Türkiye’de geniş bir demokrasi cephesine ihtiyaç var. Bu sadece bugünün ihtiyacı değil aslında. Daha önce de böyle bir ihtiyaç vardı. Dönem dönem ittifaklar gelişti ama bir şekilde kalıcı bir noktaya ulaşamadı. Biz BDP olarak bu gelişmeleri değerlendirdiğimizde, daha önce de biliyorsunuz çatı partisi girişimimiz vardı. Çatı partisi çok erkendi. Bazıları çatı partisi fikrine sıcak bakmadı, bazıları yürürken ortak yürüme konusunda sorunlar yaşadı, sonuçta DBH’ya dönüştü. DBH çok önemli bir yapılanma tabi. İçinde 9 siyasi parti, grup ve bireyler var. Bu anlamlıdır ama bizim ihtiyaç duyduğumuz güçlü bir demokrasi cephesini kurma konusunda çok yetersiz. DTP kapatılıp BDP’ye geçtiğimizde eş başkanlarımız ve bu işi yürüten Tuncer Bakırhan’la birlikte bir tartışma yürüttük. “Ne olabilir, bugüne kadar gelen nedir, bundan sonra nasıl yürüyeceğiz?. vb.” Ve oradan kimi çıkarsamalarda bulunduk.

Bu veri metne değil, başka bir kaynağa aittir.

(* Let $k\in\frac12\mathbb{Z}_{>0}$. The set of monomials \[ \prod_{a=1}^n\phi_a^{p_a}(\phi_a^* )^{d_a}\omega_a^{v_a}\qquad(\text{factors in the order } a=1,\dots,n), \] with $p_a,d_a\in\{0,1\}$ and $v_a\in\{0,1,\dots,2k-1\}$, is a $\mathbb{k}$-basis of $\mathrm{Cl}_q(n,k)$.
   Context: Let $\mathbb{k}$ be a field of characteristic different from $2$, $q\in\mathbb{k}^\times$, $n$ a positive integer and $k\in\frac12\mathbb{Z}_{>0}$ (so $2k$ is a positive integer). Here $\mathrm{Cl}_q(n,k)$ is the unital associative $\mathbb{k}$-algebra generated by $\omega_a,\phi_a,\phi_a^*$ ($a=1,\dots,n$) subject to, for all $a,b$: $\omega_a\omega_b=\omega_b\omega_a$; $\omega_a^{4k}=(1+q^{-2k})\omega_a^{2k}-q^{-2k}$; $\omega_a\phi_b=q^{\delta_{ab}}\phi_b\omega_a$; $\omega_a\phi_b^*=q^{-\delta_{ab}}\phi_b^*\omega_a$; $\phi_a\phi_b+\phi_b\phi_a=0$; $\phi_a^*\phi_b^*+\phi_b^*\phi_a^*=0$; $\phi_a\phi_a^*+\phi_a^*\phi_a=1$; $\phi_a\phi_a^*+q^{-2k}\phi_a^*\phi_a=\omega_a^{2k}$; $\phi_a\phi_b^*+\phi_b^*\phi_a=0$ if $a\neq b$. (For integer $k$ this is a presentation of the algebra with generators $\psi_a,\psi_a^*,\omega_a^{\pm1}$ and relations $\omega_a\psi_b=q^{\delta_{ab}}\psi_b\omega_a$, $\omega_a\psi_b^*=q^{-\delta_{ab}}\psi_b^*\omega_a$, $\psi$'s and $\psi^*$'s pairwise anticommuting except $\psi_a\psi_a^*+q^{\pm k}\psi_a^*\psi_a=\omega_a^{\mp k}$, via $\phi_a=\psi_a$, $\phi_a^*=\psi_a^*\omega_a^k$.) *)

(* The algebra Cl_q(n,k) is presented by generators and
   relations; we realise it as the free associative K-algebra on the
   generators (formal finite K-linear combinations of words, compared
   coefficientwise) modulo the two-sided ideal generated by the relations. *)
From HB Require Import structures.
From mathcomp Require Import all_boot all_order all_algebra.
Set Implicit Arguments. Unset Strict Implicit. Unset Printing Implicit Defensive.
Import Order.TTheory GRing.Theory Num.Theory.
Local Open Scope ring_scope.

(* Generators omega_a, phi_a, phi*_a, a : 'I_n (index a is 0-based). *)
Inductive gen (n : nat) := Om of 'I_n | Ph of 'I_n | Ps of 'I_n.

Definition gen_enc n (g : gen n) : 'I_n + 'I_n + 'I_n :=
  match g with Om a => inl (inl a) | Ph a => inl (inr a) | Ps a => inr a end.
Definition gen_dec n (x : 'I_n + 'I_n + 'I_n) : gen n :=
  match x with inl (inl a) => Om a | inl (inr a) => Ph a | inr a => Ps a end.
Lemma gen_encK n : cancel (@gen_enc n) (@gen_dec n).
Proof. by case. Qed.
HB.instance Definition _ n := Equality.copy (gen n) (can_type (@gen_encK n)).

Section FreeAlg.
Variables (K : fieldType) (n : nat).

Definition word := seq (gen n).
Definition fpoly := seq (K * word).

Definition fcoef (p : fpoly) (w : word) : K :=
  \sum_(x <- p) (if x.2 == w then x.1 else 0).

Definition fscale (c : K) (p : fpoly) : fpoly := [seq (c * x.1, x.2) | x <- p].
Definition fadd (p r : fpoly) : fpoly := p ++ r.
Definition fsub (p r : fpoly) : fpoly := p ++ fscale (-1) r.
Definition fsandwich (u : word) (p : fpoly) (v : word) : fpoly :=
  [seq (x.1, u ++ x.2 ++ v) | x <- p].
Definition fmono (w : word) : fpoly := [:: (1, w)].
Definition fone : fpoly := fmono [::].

Definition feq (p r : fpoly) : Prop := forall w, fcoef p w = fcoef r w.

Definition in_ideal (rel : fpoly -> Prop) (p : fpoly) : Prop :=
  exists s : seq (K * word * fpoly * word),
    (forall t, t \in s -> rel t.1.2) /\
    feq p (flatten [seq fscale t.1.1.1 (fsandwich t.1.1.2 t.1.2 t.2) | t <- s]).
End FreeAlg.

Section Clq.
Variables (K : fieldType) (q : K) (n m : nat).
(* m stands for 2k (a positive integer). *)

Local Notation word := (word n).
Local Notation fpoly := (fpoly K n).
Local Notation fmo := (@fmono K n).
Local Notation fon := (@fone K n).

Definition w2 (x y : gen n) : word := [:: x; y].
Definition Omp (a : 'I_n) (e : nat) : word := nseq e (Om a).

(* Defining relations of Cl_q(n,k), each written as "lhs - rhs". *)
Definition Clq_rel (r : fpoly) : Prop :=
  exists a b : 'I_n,
     r = fsub (fmo (w2 (Om a) (Om b))) (fmo (w2 (Om b) (Om a)))
  \/ r = fsub (fmo (Omp a (2 * m)))
              (fadd (fscale (1 + q ^- m) (fmo (Omp a m))) (fscale (- q ^- m) fon))
  \/ r = fsub (fmo (w2 (Om a) (Ph b)))
              (fscale (if a == b then q else 1) (fmo (w2 (Ph b) (Om a))))
  \/ r = fsub (fmo (w2 (Om a) (Ps b)))
              (fscale (if a == b then q^-1 else 1) (fmo (w2 (Ps b) (Om a))))
  \/ r = fadd (fmo (w2 (Ph a) (Ph b))) (fmo (w2 (Ph b) (Ph a)))
  \/ r = fadd (fmo (w2 (Ps a) (Ps b))) (fmo (w2 (Ps b) (Ps a)))
  \/ r = fsub (fadd (fmo (w2 (Ph a) (Ps a))) (fmo (w2 (Ps a) (Ph a)))) fon
  \/ r = fsub (fadd (fmo (w2 (Ph a) (Ps a)))
                    (fscale (q ^- m) (fmo (w2 (Ps a) (Ph a)))))
              (fmo (Omp a m))
  \/ (a != b /\ r = fadd (fmo (w2 (Ph a) (Ps b))) (fmo (w2 (Ps b) (Ph a)))).

Definition Clq_ideal (p : fpoly) : Prop := in_ideal Clq_rel p.

(* Index of a PBW monomial: for each a, (p_a, d_a, v_a) with p_a,d_a in {0,1}
   and v_a in {0,...,m-1}. *)
Definition pbw_index := {ffun 'I_n -> bool * bool * 'I_m}.

Definition pbw_word (i : pbw_index) : word :=
  flatten [seq nseq (i a).1.1 (Ph a) ++ nseq (i a).1.2 (Ps a) ++ Omp a (i a).2
          | a <- enum 'I_n].

Definition pbw_comb (c : {ffun pbw_index -> K}) : fpoly :=
  flatten [seq fscale (c i) (fmo (pbw_word i)) | i <- enum pbw_index].

Definition pbw_is_basis : Prop :=
  (forall f : fpoly, exists c : {ffun pbw_index -> K},
      Clq_ideal (fsub f (pbw_comb c))) /\
  (forall c : {ffun pbw_index -> K},
      Clq_ideal (pbw_comb c) -> forall i, c i = 0).
End Clq.

(* Spanning: modulo the relations, a generator moves past the factors of the other
   sites at the cost of a scalar, and on its own site phi_a^2 = phi*_a^2 = 0 (from
   the anticommutation relations, as 2 is invertible), phi*_a phi_a = 1 - phi_a phi*_a,
   omega_a phi_a = q phi_a omega_a, omega_a phi*_a = q^-1 phi*_a omega_a and
   omega_a^2k = phi_a phi*_a + q^-2k phi*_a phi_a = 1 - (1 - q^-2k) phi*_a phi_a
   bring the product back to the span of the factors phi_a^p phi*_a^d omega_a^v,
   v < 2k.  So left multiplication by generators preserves the span of the ordered
   monomials, which contains 1.
   Independence: Cl_q(n,k) acts on functions of states, a state giving each site a
   filled/empty bit and an exponent of omega_a modulo 2k; phi_a fills and phi*_a
   empties a site with the Jordan-Wigner sign (-1)^(filled sites before it), and
   omega_a advances the exponent with weight q^-1 on filled sites.  Evaluating at
   suitable probes makes the ordered monomials triangular. *)

From HB Require Import structures.
From mathcomp Require Import all_boot all_order all_algebra.
From mathcomp Require Import ring.
Set Implicit Arguments. Unset Strict Implicit. Unset Printing Implicit Defensive.
Import Order.TTheory GRing.Theory Num.Theory.
Local Open Scope ring_scope.

(** * Formal sums modulo a two-sided ideal *)

Section FreeAlgebra.
Variables (K : fieldType) (n : nat).
Local Notation word := (word n).
Local Notation fpoly := (fpoly K n).

Definition flin (F : word -> K) (p : fpoly) : K := \sum_(x <- p) x.1 * F x.2.

Lemma flin_nil F : flin F [::] = 0.
Proof. by rewrite /flin big_nil. Qed.

Lemma flin_cons F x (p : fpoly) : flin F (x :: p) = x.1 * F x.2 + flin F p.
Proof. by rewrite /flin big_cons. Qed.

Lemma flin_cat F (p r : fpoly) : flin F (p ++ r) = flin F p + flin F r.
Proof. by rewrite /flin big_cat. Qed.

Lemma flin_scale F c (p : fpoly) : flin F (fscale c p) = c * flin F p.
Proof.
by rewrite /flin big_map mulr_sumr; apply: eq_bigr => x _; rewrite mulrA.
Qed.

Lemma flin_mono F (w : word) : flin F (fmono K w) = F w.
Proof. by rewrite /flin big_seq1 mul1r. Qed.

Lemma flin_sandwich F u (p : fpoly) v :
  flin F (fsandwich u p v) = flin (fun w => F (u ++ w ++ v)) p.
Proof. by rewrite /flin big_map. Qed.

Lemma flin_flatten F (ps : seq fpoly) : flin F (flatten ps) = \sum_(p <- ps) flin F p.
Proof.
by elim: ps => [|p ps IH]; rewrite ?big_nil ?flin_nil //= flin_cat IH big_cons.
Qed.

Lemma fcoef_flin (p : fpoly) w : fcoef p w = flin (fun w' => (w' == w)%:R) p.
Proof. by apply: eq_bigr => x _; case: eqP; rewrite ?mulr1 ?mulr0. Qed.

Lemma fcoef_nil w : fcoef ([::] : fpoly) w = 0.
Proof. exact: big_nil. Qed.

Lemma fcoef_cons (x : K * word) (p : fpoly) w :
  fcoef (x :: p) w = x.1 * (x.2 == w)%:R + fcoef p w.
Proof. by rewrite !fcoef_flin flin_cons. Qed.

Lemma fcoef_mono (w0 w : word) : fcoef (fmono K w0) w = (w0 == w)%:R.
Proof. by rewrite fcoef_flin flin_mono. Qed.

Lemma fcoef_cat (p r : fpoly) w : fcoef (p ++ r) w = fcoef p w + fcoef r w.
Proof. by rewrite !fcoef_flin flin_cat. Qed.

Lemma fcoef_scale c (p : fpoly) w : fcoef (fscale c p) w = c * fcoef p w.
Proof. by rewrite !fcoef_flin flin_scale. Qed.

Lemma fcoef_add (p r : fpoly) w : fcoef (fadd p r) w = fcoef p w + fcoef r w.
Proof. exact: fcoef_cat. Qed.

Lemma fcoef_sub (p r : fpoly) w : fcoef (fsub p r) w = fcoef p w - fcoef r w.
Proof. by rewrite fcoef_cat fcoef_scale mulN1r. Qed.

Definition fcoefE :=
  (fcoef_nil, fcoef_mono, fcoef_scale, fcoef_add, fcoef_sub, fcoef_cat, fcoef_cons).

Lemma feq_flin F (p r : fpoly) : feq p r -> flin F p = flin F r.
Proof.
move=> eq_pr; pose s := undup (map snd (p ++ r)).
suff flinE : forall t : fpoly,
    {subset map snd t <= s} -> flin F t = \sum_(w <- s) fcoef t w * F w.
  have sub_s t : {subset t <= p ++ r} -> {subset map snd t <= s}.
    by move=> sub_t _ /mapP [x xt ->]; rewrite mem_undup map_f ?sub_t.
  rewrite (flinE p) ?(flinE r); first by apply: eq_bigr => w _; rewrite eq_pr.
    by apply: sub_s => x xr; rewrite mem_cat xr orbT.
  by apply: sub_s => x xp; rewrite mem_cat xp.
elim=> [|[c w] t IH] /= sub_t.
  by rewrite flin_nil big1 // => w _; rewrite fcoef_flin flin_nil mul0r.
have ws : w \in s by rewrite sub_t ?mem_head.
rewrite flin_cons IH => [|w' w't]; last by rewrite sub_t // inE w't orbT.
under eq_bigr do rewrite fcoef_flin flin_cons -fcoef_flin mulrDl.
rewrite big_split; congr (_ + _).
rewrite (bigD1_seq w) ?undup_uniq //= eqxx mulr1 big1 ?addr0 // => w' /negbTE.
by rewrite eq_sym => ->; rewrite mulr0 mul0r.
Qed.

Lemma feq_sandwich u (p r : fpoly) v : feq p r -> feq (fsandwich u p v) (fsandwich u r v).
Proof. by move=> eq_pr w; rewrite !fcoef_flin !flin_sandwich (feq_flin _ eq_pr). Qed.

End FreeAlgebra.

Section Ideal.
Variables (K : fieldType) (n : nat) (rel : fpoly K n -> Prop).
Local Notation word := (word n).
Local Notation fpoly := (fpoly K n).
Local Notation ideal := (in_ideal rel).

Lemma ideal_feq (p r : fpoly) : feq p r -> ideal r -> ideal p.
Proof. by move=> eq_pr [s [rel_s eq_r]]; exists s; split => // w; rewrite eq_pr eq_r. Qed.

Lemma ideal_nil : ideal [::].
Proof. by exists [::]. Qed.

Lemma ideal_rel (r : fpoly) : rel r -> ideal r.
Proof.
move=> rel_r; exists [:: (1, [::], r, [::])]; split; first by move=> t /[!inE] /eqP ->.
move=> w; rewrite /= cats0 fcoef_scale mul1r /fsandwich map_id_in // => -[c x] _ /=.
by rewrite cats0.
Qed.

Lemma ideal_add (p r : fpoly) : ideal p -> ideal r -> ideal (fadd p r).
Proof.
move=> [s1 [rel_s1 eq_p]] [s2 [rel_s2 eq_r]]; exists (s1 ++ s2); split.
  by move=> t; rewrite mem_cat => /orP [/rel_s1 | /rel_s2].
by move=> w; rewrite map_cat flatten_cat fcoef_add fcoef_cat eq_p eq_r.
Qed.

Lemma ideal_scale c (p : fpoly) : ideal p -> ideal (fscale c p).
Proof.
move=> [s [rel_s eq_p]]; exists [seq (c * t.1.1.1, t.1.1.2, t.1.2, t.2) | t <- s]; split.
  by move=> _ /mapP [t ts ->]; exact: rel_s t ts.
move=> w; rewrite fcoef_scale eq_p !fcoef_flin !flin_flatten !big_map mulr_sumr.
by apply: eq_bigr => t _; rewrite !flin_scale mulrA.
Qed.

Lemma ideal_sandwich u (p : fpoly) v : ideal p -> ideal (fsandwich u p v).
Proof.
move=> [s [rel_s eq_p]]; exists [seq (t.1.1.1, u ++ t.1.1.2, t.1.2, t.2 ++ v) | t <- s].
split; first by move=> _ /mapP [t ts ->]; exact: rel_s t ts.
move=> w; rewrite (feq_sandwich u v eq_p) /fsandwich map_flatten -!map_comp.
congr (fcoef (flatten _) w); apply: eq_map => t /=.
by rewrite /fscale -!map_comp; apply: eq_map => x /=; rewrite !catA.
Qed.

Definition fcong (p r : fpoly) : Prop := ideal (fsub p r).

Lemma fcong_feq (p p' r r' : fpoly) : feq p p' -> feq r r' -> fcong p' r' -> fcong p r.
Proof. by move=> eq_p eq_r; apply: ideal_feq => w; rewrite !fcoef_sub eq_p eq_r. Qed.

Lemma feq_fcong (p r : fpoly) : feq p r -> fcong p r.
Proof.
by move=> eq_pr; apply: ideal_feq ideal_nil => w; rewrite fcoef_sub eq_pr subrr fcoef_nil.
Qed.

Lemma fcong_refl (p : fpoly) : fcong p p.
Proof. exact: feq_fcong. Qed.

Lemma fcong_trans (p r t : fpoly) : fcong p r -> fcong r t -> fcong p t.
Proof.
by move=> c1 c2; apply: ideal_feq (ideal_add c1 c2) => w; rewrite !fcoefE; ring.
Qed.

Lemma fcong_add (p r p' r' : fpoly) :
  fcong p r -> fcong p' r' -> fcong (fadd p p') (fadd r r').
Proof.
by move=> c1 c2; apply: ideal_feq (ideal_add c1 c2) => w; rewrite !fcoefE; ring.
Qed.

Lemma fcong_scale c (p r : fpoly) : fcong p r -> fcong (fscale c p) (fscale c r).
Proof. by move/(ideal_scale c); apply: ideal_feq => w; rewrite !fcoefE; ring. Qed.

Lemma fcong_sandwich u v (p r : fpoly) :
  fcong p r -> fcong (fsandwich u p v) (fsandwich u r v).
Proof.
by move/(ideal_sandwich u v); rewrite /fcong /fsub /fsandwich /fscale map_cat -!map_comp.
Qed.
(* Let $G$ be a finitely generated residually finite group with profinite completion $\hat G$, let $H$ be a finite group, let $\bar w\in F^r(y_1,\dots,y_k,x_1,\dots,x_n)\cap Sys(Fin)$, and let $\bar a\in\hat G^k$. Then there exists $\bar u\in\hat G^n$ such that for every $N\in\mathfrak{M}$ and every $\bar f\in (H^{G_N})^k$ there exists $\bar\phi\in (H^{G_N})^n$ with $\bar w((\bar f,\bar a_N),(\bar\phi,\bar u_N))=1$ in $H\wr G_N$. (Such $\bar u$ is called an $(H,\bar a)$-universal solution of $\bar w$.)
   Context: $F=F(\bar y,\bar x)$ is the free group on constant symbols $y_1,\dots,y_k$ and variable symbols $x_1,\dots,x_n$; $\bar w\in F^r$ is a system of equations, evaluated by substitution in any group. $Sys(Fin)$ is the set of finite systems $\bar w$ solvable in every finite group $Q$, i.e. for every $\bar c\in Q^k$ there is $\bar z\in Q^n$ with $\bar w(\bar c,\bar z)=1$. $\mathfrak{M}$ is the set of normal subgroups of finite index of $G$; for $N\in\mathfrak{M}$, $G_N=G/N$, and $\eta_N:\hat G\to G_N$ is the canonical epimorphism from the profinite completion $\hat G=\varprojlim G_N$. For $g\in\hat G$, $g_N=\eta_N(g)$, and for tuples $\bar g=(g_1,\dots,g_m)$, $\bar g_N=((g_1)_N,\dots,(g_m)_N)$. For $\bar f=(f_1,\dots,f_m)\in (H^{G_N})^m$ and $\bar g\in G_N^m$, $(\bar f,\bar g)=((f_1,g_1),\dots,(f_m,g_m))\in (H\wr G_N)^m$. The wreath product $H\wr Q$ is $H^Q\rtimes Q$ with $(g.f)(x)=f(xg)$ and $(f,g)(f',g')=(f\,(g.f'),gg')$. *)

From HB Require Import structures.
From mathcomp Require Import all_boot all_fingroup.
Definition P1d_obj (R : realFieldType) (N : nat) (C : 'I_N -> R) (x : 'I_N -> R) : R :=
  \sum_(p < N) x p * C p.

Definition P1d_optimal (R : realFieldType) (N : nat) (l0 l1 C : 'I_N -> R)
  (x : 'I_N -> R) : Prop :=
  P1d_feasible l0 l1 C x /\
  forall y, P1d_feasible l0 l1 C y -> P1d_obj C y <= P1d_obj C x.

(* P1^d maximises a linear objective over the box [0,1]^N cut by two knapsack
   constraints, with weights w1 p = C_p / l_{p,0} and w2 p = C_p / l_{N+1,p};
   for the HD rates w1 p + w2 p = 1.  The optimum is attained at a vertex, a
   feasible point determined by its active constraints: from any feasible
   point one can move, without decreasing the objective, along a direction
   that keeps the active constraints active until a new one becomes active,
   and there are only finitely many active sets.  A vertex has at most two
   fractional coordinates, since three of them would leave a direction
   orthogonal to (1,...,1) and to w1, hence also to w2 = 1 - w1.  Finally
   w1 + w2 = 1 gives sum_p x p <= 2, so at most two coordinates equal 1, and
   at most one if some coordinate is fractional. *)

From HB Require Import structures.
From mathcomp Require Import all_boot all_order all_algebra.
From mathcomp Require Import ring lra zify.
From Stdlib Require Import Classical.
Import Order.TTheory GRing.Theory Num.Theory.

Set Implicit Arguments. Unset Strict Implicit. Unset Printing Implicit Defensive.

Local Open Scope ring_scope.

Lemma ratio_test (R : realFieldType) (K : finType) (s t : K -> R) (k0 : K) :
  (forall k, 0 <= s k) -> t k0 < 0 ->
  exists e, [/\ 0 <= e, forall k, 0 <= s k + e * t k
              & exists2 k1, t k1 < 0 & s k1 + e * t k1 = 0].
Proof.
move=> s_ge0 tk0.
have [k1 tk1 k1_min] := @arg_minP _ R K k0 (fun k => t k < 0) (fun k => s k / - t k) tk0.
have nt1 : 0 < - t k1 by rewrite oppr_gt0.
exists (s k1 / - t k1); split.
- by rewrite divr_ge0 // ltW.
- move=> k; have [tk|tk] := ltP (t k) 0.
    have ntk : 0 < - t k by rewrite oppr_gt0.
    have := ler_wpM2r (ltW ntk) (k1_min k tk).
    rewrite divfK ?gt_eqF // mulrN; lra.
  by rewrite addr_ge0 // mulr_ge0 // divr_ge0 // ltW.
- by exists k1 => //; field; rewrite lt_eqF.
Qed.

Lemma argmax_finite_signature (X : Type) (K : finType) (R : realDomainType)
    (P : X -> Prop) (sig : X -> K) (f : X -> R) :
  (forall x y, P x -> P y -> sig x = sig y -> f x = f y) ->
  (exists x, P x) -> exists2 v, P v & forall x, P x -> f x <= f v.
Proof.
move=> sig_f [x0 Px0].
suff /(_ (enum K)) : forall s : seq K, (exists x, P x /\ sig x \in s) ->
    exists2 v, P v & forall x, P x -> sig x \in s -> f x <= f v.
  case=> [|v Pv v_max]; first by exists x0; rewrite mem_enum.
  by exists v => // x Px; rewrite v_max ?mem_enum.
elim=> [|k s IH]; first by case=> x [_]; rewrite in_nil.
have [[z [Pz /eqP zk]]|no_k] := classic (exists z, P z /\ sig z == k).
- have [[y [Py ys]]|no_s] := classic (exists y, P y /\ sig y \in s).
    have [v Pv v_max] := IH (ex_intro _ y (conj Py ys)).
    have [fzv|fvz] := lerP (f z) (f v); [exists v | exists z] => // x Px;
      rewrite in_cons => /orP[/eqP xk|xs].
    + by rewrite (sig_f x z) // xk zk.
    + exact: v_max.
    + by rewrite (sig_f x z) // xk zk.
    + exact: le_trans (v_max x Px xs) (ltW fvz).
  exists z => // x Px; rewrite in_cons => /orP[/eqP xk|xs].
    by rewrite (sig_f x z) // xk zk.
  by case: no_s; exists x.
- case=> x [Px]; rewrite in_cons => /orP[xk|xs]; first by case: no_k; exists x.
  have [v Pv v_max] := IH (ex_intro _ x (conj Px xs)).
  exists v => // y Py; rewrite in_cons => /orP[yk|ys]; last exact: v_max.
  by case: no_k; exists y.
Qed.

Section TwoKnapsackLP.

Variables (R : realFieldType) (N : nat) (w1 w2 : 'I_N -> R).

Definition dotp (x w : 'I_N -> R) : R := \sum_(p < N) x p * w p.

Lemma dotp0 w : dotp (fun=> 0) w = 0.
Proof. by rewrite /dotp big1 // => p _; rewrite mul0r. Qed.

Lemma dotpN d w : dotp (fun p => - d p) w = - dotp d w.
Proof. by rewrite /dotp -sumrN; apply: eq_bigr => p _; rewrite mulNr. Qed.

Lemma dotpB x y w : dotp (fun p => x p - y p) w = dotp x w - dotp y w.
Proof. by rewrite /dotp -sumrB; apply: eq_bigr => p _; rewrite mulrBl. Qed.

Lemma dotp_shift x d e w :
  dotp (fun p => x p + e * d p) w = dotp x w + e * dotp d w.
Proof. by rewrite /dotp mulr_sumr -big_split; apply: eq_bigr => p _ /=; ring. Qed.

Definition slack (x : 'I_N -> R) (k : 'I_N * bool + bool) : R :=
  match k with
  | inl (p, false) => x p
  | inl (p, true) => 1 - x p
  | inr false => 1 - dotp x w1
  | inr true => 1 - dotp x w2
  end.

Definition slack_dir (d : 'I_N -> R) (k : 'I_N * bool + bool) : R :=
  match k with
  | inl (p, false) => d p
  | inl (p, true) => - d p
  | inr false => - dotp d w1
  | inr true => - dotp d w2
  end.
(* Let $(X,\tau)$ be a locally strongly compact topological space and $A$ a pre-closed subset of $X$. Then $A$ with the relative topology is locally strongly compact, in the sense that for every $x\in A$ there is $G\subseteq A$ and a pre-open set $V$ of $X$ with $x\in V\cap A\subseteq G$ and such that every cover of $G$ by sets of the form $W\cap G$, $W$ pre-open in $X$, has a finite subcover.
   Context: A subset $B$ of a topological space is pre-open if $B\subseteq Int(Cl(B))$, pre-closed if its complement is pre-open. A subset $B\subseteq X$ is strongly compact (as a subspace) if every cover of $B$ by sets $W\cap B$, $W$ pre-open in $X$, has a finite subcover. $X$ is locally strongly compact if for every $x\in X$ there is $B\subseteq X$ and a pre-open $V$ with $x\in V\subseteq B$ and $B$ strongly compact. *)

From HB Require Import structures.
From mathcomp Require Import all_boot all_algebra.
From mathcomp Require Import all_classical all_reals all_analysis.
Set Implicit Arguments. Unset Strict Implicit. Unset Printing Implicit Defensive.
Local Open Scope classical_set_scope.

Definition preopen (X : topologicalType) (B : set X) : Prop :=
  B `<=` interior (closure B).

Definition preclosed (X : topologicalType) (B : set X) : Prop :=
  preopen (~` B).

Definition strongly_compact (X : topologicalType) (B : set X) : Prop :=
  forall (I : Type) (W : I -> set X),
    (forall i, preopen (W i)) ->
    B `<=` \bigcup_i (W i `&` B) ->
    exists D : set I, finite_set D /\ B `<=` \bigcup_(i in D) (W i `&` B).

Definition locally_strongly_compact (X : topologicalType) : Prop :=
  forall x : X, exists (B V : set X),
    preopen V /\ V x /\ V `<=` B /\ strongly_compact B.

From mathcomp Require Import all_boot all_algebra.
From mathcomp Require Import all_classical all_reals all_analysis.
Local Open Scope classical_set_scope.

(* Trace of a strongly compact set on a pre-closed set is strongly compact:
   a pre-open cover of [B `&` A], enlarged by the pre-open set [~` A], covers
   [B]; a finite subcover of [B] minus [~` A] covers [B `&` A].  Taking the
   trace of a strongly compact neighbourhood of [x] then gives the theorem. *)

Lemma strongly_compactI_preclosed (X : topologicalType) (B A : set X) :
  strongly_compact B -> preclosed A -> strongly_compact (B `&` A).
Proof.
move=> sB pA I W pW covBA.
pose WA (o : option I) := if o is Some i then W i else ~` A.
have pWA o : preopen (WA o) by case: o => [i|] /=; [exact: pW | exact: pA].
have covB : B `<=` \bigcup_o (WA o `&` B).
  move=> b Bb; have [Ab|nAb] := pselect (A b).
    have [i _ [Wib _]] := covBA b (conj Bb Ab).
    by exists (Some i).
  by exists None.
have [D [finD covD]] := sB _ WA pWA covB.
exists (Some @^-1` D); split.
  by apply: finite_preimage => // i j _ _ [].
move=> b [Bb Ab]; have [[i|] Di [WAb _]] := covD b Bb; last by [].
by exists i.
Qed.

Theorem corollary4p1 (X : topologicalType) (A : set X) :
  locally_strongly_compact X -> preclosed A ->
  forall x : X, A x ->
    exists (G V : set X),
      G `<=` A /\ preopen V /\ (V `&` A) x /\ V `&` A `<=` G /\
      strongly_compact G.
Proof.
move=> lsc pA x Ax.
have [B [V [pV [Vx [VB sB]]]]] := lsc x.
exists (B `&` A), V; split; first by move=> y [].
split=> //; split=> //; split; first by move=> y [/VB].
exact: strongly_compactI_preclosed.
Qed.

Bugüne kadar dar kalmış olabilir ama biz Türkiye cephesinde geniş bir ittifak kurulması meselesini stratejik olarak ele alıyoruz. “Bugüne kadar, nasıl sorunlar yaşadık, neden dar kaldık, nasıl büyüyebiliriz?”i tartıştığımızda şöyle bir durum ortaya çıktı: “Aslında bu birliktelik önemli, DBH’yi korumak lazım ama aynı zamanda genişletmek de lazım.” Bu sürecin dışında kalan kurumlarla diyalog kurduk, onların bu sürece dâhil edilmesi için çaba gösterdik. Genel olarak pozitif bir yaklaşım oldu. Önümüzdeki günlerde bütün görüştüğümüz kesimlerle ortak bir toplantı yapılacak. Bu toplantıyla birlikte yürüme durumumuzu belirleyeceğiz. Şöyle bir karar aldık; önceden nasıl yürüyeceğimize dair katı kurallar koyarak değil yürürken de süreci birlikte örmek gerek. Bu yürüyüşün eksiklikleri, aksaklıkları nedir, nasıl yürüyebiliyoruz, yürüyemiyorsak neden yürüyemiyoruz? Baştan kalıplar içinde hareket etmek çoğu zaman geniş birliktelikleri engelliyor. Şu sıralar böyle bir çalışmamız var. Ben kişi olarak da bu çalışmanın başarılı olacağına inanıyorum.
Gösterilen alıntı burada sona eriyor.